I stepped out of my shoes and untied the laces of my tunic. Another look back: he hadn't stirred. Yet still I hesitated, for I didn't want to get my clothes wet, yet couldn't very well swim naked. What if Léona woke up unexpectedly! Then my eyes fell on his shirt drying on the prow of the boat. When I picked it up, I found it still damp. It should not matter if I got it wet again, hopefully it would be dry by the time he woke from his nap.
Quickly I slipped out of my clothes and pulled the shirt over my head. It was so large, it covered me down to my thighs and I had to turn up the cuffs. The material felt very fine though, linen of the best quality, and around the collar and down the neckline ran a complex pattern of embroidery that I had not noticed before. As I touched the neat stitches, I wondered whose work it was.
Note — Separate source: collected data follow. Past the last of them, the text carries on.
(* Let $n\ge 2$ be an integer and $A\subseteq L_n$. The subspace $(L_n,\tau(A)|_{L_n})$ of $(X_n,\tau(A))$ is perfect if and only if $A$ is a $G_\delta$-set in $(L_n,\tau_E|_{L_n})$.
   Context: For $\overline{x},\overline{a}\in\mathbb R^n$ let $|\overline{x}-\overline{a}|$ be the Euclidean distance and $B(\overline{a},\epsilon)=\{\overline{x}\in\mathbb R^n:|\overline{x}-\overline{a}|<\epsilon\}$. Let $P_n=\{\overline{x}\in\mathbb R^n: x_n>0\}$, $L_n=\{\overline{x}\in\mathbb R^n: x_n=0\}$, $X_n=P_n\cup L_n$, and let $\tau_E$ denote the Euclidean topology on $X_n$. For $\overline{a}\in L_n$ and $\epsilon>0$ put $\overline{a(\epsilon)}=(a_1,\dots,a_{n-1},\epsilon)$ and $\tilde B(\overline{a},\epsilon)=\{\overline{a}\}\cup B(\overline{a(\epsilon)},\epsilon)$. For $A\subseteq L_n$, the topology $\tau(A)$ on $X_n$ is generated by the local bases: at $\overline{a}\in P_n$, the sets $B(\overline{a},\epsilon)$ with $0<\epsilon<a_n$; at $\overline{a}\in A$, the sets $B(\overline{a},\epsilon)\cap X_n$ with $\epsilon>0$; at $\overline{a}\in L_n\setminus A$, the sets $\tilde B(\overline{a},\epsilon)$ with $\epsilon>0$. (Equivalently, $\tau(A)|_{L_n}$ is the topology on $L_n$ whose open sets are the sets $U\cup D$ with $U$ Euclidean-open in $L_n$ and $D\subseteq L_n\setminus A$.) A space is perfect if every closed set is a $G_\delta$-set. *)

From mathcomp Require Import all_boot all_order all_algebra.
From mathcomp Require Import boolp classical_sets reals.
Set Implicit Arguments. Unset Strict Implicit. Unset Printing Implicit Defensive.
Import Order.TTheory GRing.Theory Num.Theory.
Local Open Scope ring_scope.
Local Open Scope classical_set_scope.

(* Points of R^(n+1) are functions 'I_n.+1 -> R; the last coordinate
   x_{n+1} is  x ord_max. *)
Section Defs.
Variables (R : realType) (n : nat).
Notation pt := ('I_n.+1 -> R).

Definition edist (x a : pt) : R := Num.sqrt (\sum_(i < n.+1) (x i - a i) ^+ 2).

Definition eball (a : pt) (eps : R) : set pt := [set x | edist x a < eps].

Definition Pn : set pt := [set x | 0 < x ord_max].
Definition Ln : set pt := [set x | x ord_max = 0].
Definition Xn : set pt := Pn `|` Ln.

Definition shift_up (a : pt) (eps : R) : pt :=
  fun i => if i == ord_max then eps else a i.

Definition tball (a : pt) (eps : R) : set pt :=
  [set a] `|` eball (shift_up a eps) eps.

Definition tau_base (A : set pt) (a : pt) (N : set pt) : Prop :=
  (Pn a /\ exists eps, 0 < eps /\ eps < a ord_max /\ N = eball a eps)
  \/ (A a /\ exists eps, 0 < eps /\ N = eball a eps `&` Xn)
  \/ ((Ln `\` A) a /\ exists eps, 0 < eps /\ N = tball a eps).

Definition tau_open (A : set pt) (O : set pt) : Prop :=
  O `<=` Xn /\ forall a, O a -> exists N, tau_base A a N /\ N `<=` O.

Definition tauL_open (A : set pt) (V : set pt) : Prop :=
  exists O, tau_open A O /\ V = O `&` Ln.

Definition tauL_closed (A : set pt) (C : set pt) : Prop :=
  C `<=` Ln /\ tauL_open A (Ln `\` C).

Definition tauL_Gdelta (A : set pt) (C : set pt) : Prop :=
  exists V : nat -> set pt, (forall k, tauL_open A (V k)) /\ C = \bigcap_k V k.

Definition tauL_perfect (A : set pt) : Prop :=
  forall C, tauL_closed A C -> tauL_Gdelta A C.

Definition eopen (O : set pt) : Prop :=
  forall x, O x -> exists eps, 0 < eps /\ eball x eps `<=` O.

Definition eL_open (V : set pt) : Prop := exists O, eopen O /\ V = O `&` Ln.

Definition eL_Gdelta (C : set pt) : Prop :=
  exists V : nat -> set pt, (forall k, eL_open (V k)) /\ C = \bigcap_k V k.

End Defs.

From mathcomp Require Import all_boot all_order all_algebra.
From mathcomp Require Import boolp classical_sets reals.
From mathcomp Require Import ring lra.
Set Implicit Arguments. Unset Strict Implicit. Unset Printing Implicit Defensive.
Import Order.TTheory GRing.Theory Num.Theory.
Local Open Scope ring_scope.
Local Open Scope classical_set_scope.

(* The points of L_n outside A are isolated from L_n in tau(A), so the
   tau(A)|L_n-open sets are exactly the subsets V of L_n that are Euclidean
   neighbourhoods in L_n of each of their points lying in A.
   If the subspace is perfect, then A itself, which is closed there, is an
   intersection of such sets V_k; the Euclidean interiors of the V_k in L_n
   still contain A, so A is a Euclidean G_delta.
   Conversely, if A = \bigcap_k W_k with W_k Euclidean open, a closed set C is
   the intersection of the open sets C u (W_k n U_k), where U_k is the
   Euclidean 1/(k+1)-neighbourhood of C: a point of A outside C has a
   Euclidean neighbourhood in L_n missing C, hence lies outside some U_k. *)

Section SumOfSquares.
Variables (R : realType) (k : nat).
Implicit Types u v : 'I_k -> R.

Lemma sum_sqr_ge0 u : 0 <= \sum_(i < k) u i ^+ 2.
Proof. by rewrite sumr_ge0 // => i _; rewrite sqr_ge0. Qed.

Lemma sum_sqr_eq0 u : \sum_(i < k) u i ^+ 2 = 0 -> forall i, u i = 0.
Proof.
move=> /psumr_eq0P u0 i; apply/eqP; rewrite -sqrf_eq0; apply/eqP.
by apply: u0 => // j _; rewrite sqr_ge0.
Qed.

Lemma cauchy_schwarz u v :
  \sum_(i < k) u i * v i <=
  Num.sqrt (\sum_(i < k) u i ^+ 2) * Num.sqrt (\sum_(i < k) v i ^+ 2).
Proof.
set a := Num.sqrt _; set b := Num.sqrt _.
have a2 : a ^+ 2 = \sum_(i < k) u i ^+ 2 by rewrite sqr_sqrtr ?sum_sqr_ge0.
have b2 : b ^+ 2 = \sum_(i < k) v i ^+ 2 by rewrite sqr_sqrtr ?sum_sqr_ge0.
have [a0|a_neq0] := eqVneq a 0.
  have /sum_sqr_eq0 u0 : \sum_(i < k) u i ^+ 2 = 0 by rewrite -a2 a0 expr0n.
  by rewrite a0 mul0r big1 // => i _; rewrite u0 mul0r.
have [b0|b_neq0] := eqVneq b 0.
  have /sum_sqr_eq0 v0 : \sum_(i < k) v i ^+ 2 = 0 by rewrite -b2 b0 expr0n.
  by rewrite b0 mulr0 big1 // => i _; rewrite v0 mulr0.
have ab_gt0 : 0 < a * b by rewrite mulr_gt0 // lt_def ?a_neq0 ?b_neq0 sqrtr_ge0.
(* expand [0 <= \sum_i (b u_i - a v_i)^2] *)
have : 2 * (a * b) * \sum_(i < k) u i * v i <= 2 * (a ^+ 2 * b ^+ 2).
  have -> : 2 * (a ^+ 2 * b ^+ 2) =
            \sum_(i < k) (b ^+ 2 * u i ^+ 2 + a ^+ 2 * v i ^+ 2).
    by rewrite big_split /= -!mulr_sumr -a2 -b2; ring.
  rewrite mulr_sumr; apply: ler_sum => i _.
  by have := sqr_ge0 (b * u i - a * v i); nra.
set s := \sum_(i < k) _; nra.
Qed.

Lemma minkowski u v :
  Num.sqrt (\sum_(i < k) (u i + v i) ^+ 2) <=
  Num.sqrt (\sum_(i < k) u i ^+ 2) + Num.sqrt (\sum_(i < k) v i ^+ 2).
Proof.
have := cauchy_schwarz u v.
set a := Num.sqrt (\sum_(i < k) u i ^+ 2).
set b := Num.sqrt (\sum_(i < k) v i ^+ 2) => cs.
have a2 : a ^+ 2 = \sum_(i < k) u i ^+ 2 by rewrite sqr_sqrtr ?sum_sqr_ge0.
have b2 : b ^+ 2 = \sum_(i < k) v i ^+ 2 by rewrite sqr_sqrtr ?sum_sqr_ge0.
have a_ge0 : 0 <= a := sqrtr_ge0 _.
have b_ge0 : 0 <= b := sqrtr_ge0 _.
rewrite -(ger0_norm (addr_ge0 a_ge0 b_ge0)) -sqrtr_sqr ler_sqrt ?sqr_ge0 //.
have -> : \sum_(i < k) (u i + v i) ^+ 2 =
          a ^+ 2 + 2 * \sum_(i < k) u i * v i + b ^+ 2.
  by rewrite a2 b2 mulr_sumr -!big_split /=; apply: eq_bigr => i _; ring.
set s := \sum_(i < k) _ in cs *; nra.
Qed.

End SumOfSquares.

Section EuclideanDistance.
Variables (R : realType) (n : nat).
Notation pt := ('I_n.+1 -> R).
Implicit Types (x y z a : pt) (eps : R).

Lemma edistxx x : edist x x = 0.
Proof. by rewrite /edist big1 ?sqrtr0 // => i _; rewrite subrr expr0n. Qed.

Lemma edistC x y : edist x y = edist y x.
Proof. by congr Num.sqrt; apply: eq_bigr => i _; rewrite -sqrrN opprB. Qed.

Lemma edist_triangle x y z : edist x z <= edist x y + edist y z.
Proof.
rewrite /edist (eq_bigr (fun i => ((x i - y i) + (y i - z i)) ^+ 2)).
  exact: minkowski.
by move=> i _; rewrite subrKA.
Qed.

Lemma coord_le_edist x y i : `|x i - y i| <= edist x y.
Proof.
rewrite -sqrtr_sqr ler_sqrt ?sum_sqr_ge0 // (bigD1 i) //= lerDl.
by rewrite sumr_ge0 // => j _; rewrite sqr_ge0.
Qed.

Lemma eball_center a eps : 0 < eps -> eball a eps a.
Proof. by rewrite /eball /= edistxx. Qed.

Lemma eball_sub x a eps :
  eball a eps x -> eball x (eps - edist x a) `<=` eball a eps.
Proof.
by move=> _ y; rewrite /eball /= => yx; have := edist_triangle y x a; lra.
Qed.

Lemma eopen_eball a eps : eopen (eball a eps).
Proof.
move=> x xa; exists (eps - edist x a); split; last exact: eball_sub.
by rewrite subr_gt0.
Qed.

Lemma eopen_bigcup (I : Type) (D : set I) (O : I -> set pt) :
  (forall i, D i -> eopen (O i)) -> eopen (\bigcup_(i in D) O i).
Proof.
move=> Oopen x [i Di Oix]; have [eps [eps_gt0 sub]] := Oopen i Di x Oix.
by exists eps; split => // y /sub Oiy; exists i.
Qed.

Lemma eball_Pn a eps : eps <= a ord_max -> eball a eps `<=` @Pn R n.
Proof.
move=> le_eps x; rewrite /eball /Pn /= => xa.
have := le_lt_trans (coord_le_edist x a ord_max) xa.
by rewrite ltr_norml => /andP[+ _]; lra.
Qed.

Lemma Ln_Pn x : @Ln R n x -> ~ @Pn R n x.
Proof. by rewrite /Ln /Pn /= => ->; rewrite ltxx. Qed.

End EuclideanDistance.

Section RelativeTopology.
Variables (R : realType) (n : nat).
Notation pt := ('I_n.+1 -> R).
Notation Ln := (@Ln R n).
Implicit Types (A C V W : set pt) (a : pt).

Definition eL_nbhs V a : Prop :=
  exists2 eps : R, 0 < eps & eball a eps `&` Ln `<=` V.

Lemma eL_nbhs_mem V a : Ln a -> eL_nbhs V a -> V a.
Proof.
by move=> La [eps eps_gt0 sub]; apply: sub; split => //; exact: eball_center.
Qed.

Lemma eL_nbhsI V W a : eL_nbhs V a -> eL_nbhs W a -> eL_nbhs (V `&` W) a.
Proof.
move=> [e1 e1_gt0 sub1] [e2 e2_gt0 sub2]; exists (Num.min e1 e2).
  by rewrite lt_min e1_gt0.
move=> x [xa Lx]; move: xa; rewrite /eball /= lt_min => /andP[x1 x2].
by split; [apply: sub1 | apply: sub2].
Qed.

Lemma eopen_eL_nbhs (O : set pt) a : eopen O -> O a -> eL_nbhs O a.
Proof.
by move=> Oopen /Oopen[eps [eps_gt0 sub]]; exists eps => // x [/sub].
Qed.

Lemma eL_open_subL V : eL_open V -> V `<=` Ln.
Proof. by move=> [O [_ ->]] x []. Qed.

Lemma eL_open_nbhs V a : eL_open V -> V a -> eL_nbhs V a.
Proof.
move=> [O [Oopen ->]] [Oa La].
have [eps eps_gt0 sub] := eopen_eL_nbhs Oopen Oa.
by exists eps => // x [xa Lx]; split => //; apply: sub.
Qed.

Lemma eL_open_interior V : eL_open ([set a | eL_nbhs V a] `&` Ln).
Proof.
exists [set a | eL_nbhs V a]; split => // a [eps eps_gt0 sub].
exists eps; split => // x xa.
exists (eps - edist x a); first by rewrite subr_gt0.
by move=> y [/(eball_sub xa) ya Ly]; apply: sub.
Qed.

Lemma tauL_openP A V :
  tauL_open A V <-> V `<=` Ln /\ forall a, V a -> A a -> eL_nbhs V a.
Proof.
split.
  move=> [O [[_ Obase] ->]]; split=> [x []//|a [Oa La] Aa].
  have [N [Nbase NO]] := Obase a Oa.
  case: Nbase NO => [[Pa _]|[[_ [eps [eps_gt0 ->]]] NO|[[_ nAa] _]]] //.
    by have := Ln_Pn La.
  by exists eps => // x [xa Lx]; split => //; apply: NO; split => //; right.
(* V u P_n is tau(A)-open: for a in V \ A, [tball a 1] lies in {a} u P_n *)
move=> [VL Vnbhs]; exists (V `|` @Pn R n); split; last first.
  apply/seteqP; split=> [x Vx|x [[]// Px /Ln_Pn//]].
  by split; [left | exact: VL].
split=> [x [/VL Lx|Px]|a]; [by right | by left | move=> [Va|Pa]].
- have [Aa|nAa] := pselect (A a).
    have [eps eps_gt0 sub] := Vnbhs a Va Aa.
    exists (eball a eps `&` @Xn R n); split.
      by right; left; split => //; exists eps.
    by move=> x [xa [Px|Lx]]; [right | left; apply: sub].
  exists (tball a 1); split.
    by right; right; split; [split => //; exact: VL | exists 1].
  move=> x [->|xa]; first by left.
  by right; apply: eball_Pn xa; rewrite /shift_up eqxx.
- have a_gt0 : 0 < a ord_max := Pa.
  exists (eball a (a ord_max / 2)); split.
    by left; split => //; exists (a ord_max / 2); split; [|split] => //; lra.
  by move=> x xa; right; apply: eball_Pn xa; lra.
Qed.

Lemma tauL_closed_self A : A `<=` Ln -> tauL_closed A A.
Proof.
move=> AL; split => //; apply/tauL_openP.
by split=> [x []//|a [_ nAa] /nAa].
Qed.

Lemma eL_Gdelta_tauL_Gdelta_self A :
  A `<=` Ln -> tauL_Gdelta A A -> eL_Gdelta A.
Proof.
move=> AL [V [Vopen AV]].
exists (fun k => [set a | eL_nbhs (V k) a] `&` Ln); split.
  by move=> k; exact: eL_open_interior.
apply/seteqP; split=> [a Aa k _|x xW].
  split; last exact: AL.
  have [_ Vnbhs] := (tauL_openP A (V k)).1 (Vopen k).
  by apply: Vnbhs => //; move: Aa; rewrite AV; apply.
by rewrite AV => k _; have [/eL_nbhs_mem + Lx] := xW k I; apply.
Qed.

Lemma tauL_open_thicken A C W r :
  C `<=` Ln -> eL_open W -> A `<=` W -> 0 < r ->
  tauL_open A (C `|` (W `&` \bigcup_(c in C) eball c r)).
Proof.
move=> CL Wopen AW r_gt0; apply/tauL_openP; split.
  by move=> x [/CL//|[/(eL_open_subL Wopen)]].
move=> a Va /AW Wa.
have Ua : (\bigcup_(c in C) eball c r) a.
  by case: Va => [Ca|[]//]; exists a => //; exact: eball_center.
have [eps eps_gt0 sub] := eL_nbhsI (eL_open_nbhs Wopen Wa)
  (eopen_eL_nbhs (eopen_bigcup (fun c _ => @eopen_eball _ _ c r)) Ua).
by exists eps => // x /sub WUx; right.
Qed.

Lemma bigcap_thicken A C (W : nat -> set pt) :
  tauL_closed A C -> (forall k, eL_open (W k)) -> \bigcap_k W k `<=` A ->
  C = \bigcap_k (C `|` (W k `&` \bigcup_(c in C) eball c k.+1%:R^-1)).
Proof.
move=> [CL Copen] Wopen WA.
apply/seteqP; split=> [x Cx k _|x xV]; first by left.
apply: contrapT => nCx.
have WUx k : (W k `&` \bigcup_(c in C) eball c k.+1%:R^-1) x.
  by case: (xV k I).
have Ax : A x by apply: WA => k _; exact: (WUx k).1.
have Lx : Ln x := eL_open_subL (Wopen 0) (WUx 0).1.
have [_ /(_ x (conj Lx nCx) Ax)[eps eps_gt0 sub]] := (tauL_openP A _).1 Copen.
have [k] := ltr_add_invr eps_gt0; rewrite add0r => k_lt_eps.
have [c Cc cx] := (WUx k).2.
suff [] : (Ln `\` C) c by [].
apply: sub; split; last exact: CL.
by rewrite /eball /= edistC; exact: lt_trans cx k_lt_eps.
Qed.

Lemma eL_Gdelta_tauL_perfect A : eL_Gdelta A -> tauL_perfect A.
Proof.
move=> [W [Wopen AW]] C Cclosed.
exists (fun k => C `|` (W k `&` \bigcup_(c in C) eball c k.+1%:R^-1)); split.
  move=> k; apply: tauL_open_thicken; first exact: Cclosed.1.
  - exact: Wopen.
  - by rewrite AW => x /(_ k I).
  - by rewrite invr_gt0.
by apply: (bigcap_thicken Cclosed Wopen); rewrite AW.
Qed.

End RelativeTopology.

Theorem mainTheorem10 (R : realType) (m : nat) (A : set ('I_m.+2 -> R)) :
  A `<=` @Ln R m.+1 ->
  (tauL_perfect A <-> eL_Gdelta A).
Proof.
move=> AL; split; last exact: eL_Gdelta_tauL_perfect.
move=> perfect; apply: eL_Gdelta_tauL_Gdelta_self => //.
exact/perfect/tauL_closed_self.
Qed.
His sister's?
But the river called me. Leaving my clothes in a heap on a stone, I waded into the water. So cold! I had forgotten that the Anduin carried melt water from the Misty Mountains. However, once I had overcome the initial shock it felt wonderfully refreshing. The water was smooth as silk against my skin and crystal clear. I dived down to the bottom, where small fingerlings darted away into hiding. Coming up for air again, I threw another look at our island. Nothing. Léona slept like a log.
With a happy sigh I flipped over onto my back and let the current caress me. Bliss! When the river had carried me downstream of our island, I just rolled back over and swam upstream again. To somebody who had grown up playing in the rough waves of the Bay of Belfalas, the gentle pull of the Anduin provided no difficulty. I did this several times, letting myself drift a little further with each go. How good it felt!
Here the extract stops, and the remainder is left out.